**PROBLEM TO SOLVE:** Reproduce exactly, with no other output, every line of the data below from the line containing "From mathcomp Require" to the end, inclusive.

**Saved entries:**
• • • • •

(* Let $T$ be a reflection factorization in $G(4,2,2)$ of length $\ell\ge 4$ containing at least one entry from each of the conjugacy classes $S_1,S_2,S_3$. Let $r$ be a reflection in one of these conjugacy classes that is represented by more than one entry of $T$. If $x$ is a reflection in the same conjugacy class as $r$, then the Hurwitz orbit of $T$ contains a factorization whose right-most entry is $x$ and whose first $\ell-1$ entries generate $G(4,2,2)$.
   Context: $G(4,2,2)$ is the group of the sixteen $2\times 2$ complex monomial matrices whose nonzero entries lie in $\{\pm1,\pm i\}$ and whose two nonzero entries multiply to $\pm 1$. A reflection is a matrix whose fixed space in $\mathbb{C}^2$ has dimension $1$. $G(4,2,2)$ contains six reflections, all of order $2$, which split into three conjugacy classes $S_1,S_2,S_3$ of $G(4,2,2)$, each of size $2$. A reflection factorization of length $\ell$ is a tuple $(r_1,\dots,r_\ell)$ of reflections in $G(4,2,2)$; a set of entries generates the subgroup they generate. The Hurwitz move $\sigma_i$ sends $(r_1,\dots,r_\ell)$ to $(r_1,\dots,r_{i-1},r_{i+1},r_{i+1}^{-1}r_ir_{i+1},r_{i+2},\dots,r_\ell)$; the Hurwitz orbit of $T$ is the set of factorizations obtained from $T$ by finite sequences of Hurwitz moves. *)

From HB Require Import structures.
From mathcomp Require Import all_boot all_order all_algebra all_field.
Set Implicit Arguments. Unset Strict Implicit. Unset Printing Implicit Defensive.
Import Order.TTheory GRing.Theory Num.Theory.
Local Open Scope ring_scope.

• • • • •

**FINISHED TASK:**
From mathcomp Require Import all_boot all_order all_algebra all_field.
Set Implicit Arguments. Unset Strict Implicit. Unset Printing Implicit Defensive.
Import Order.TTheory GRing.Theory Num.Theory.
Local Open Scope ring_scope.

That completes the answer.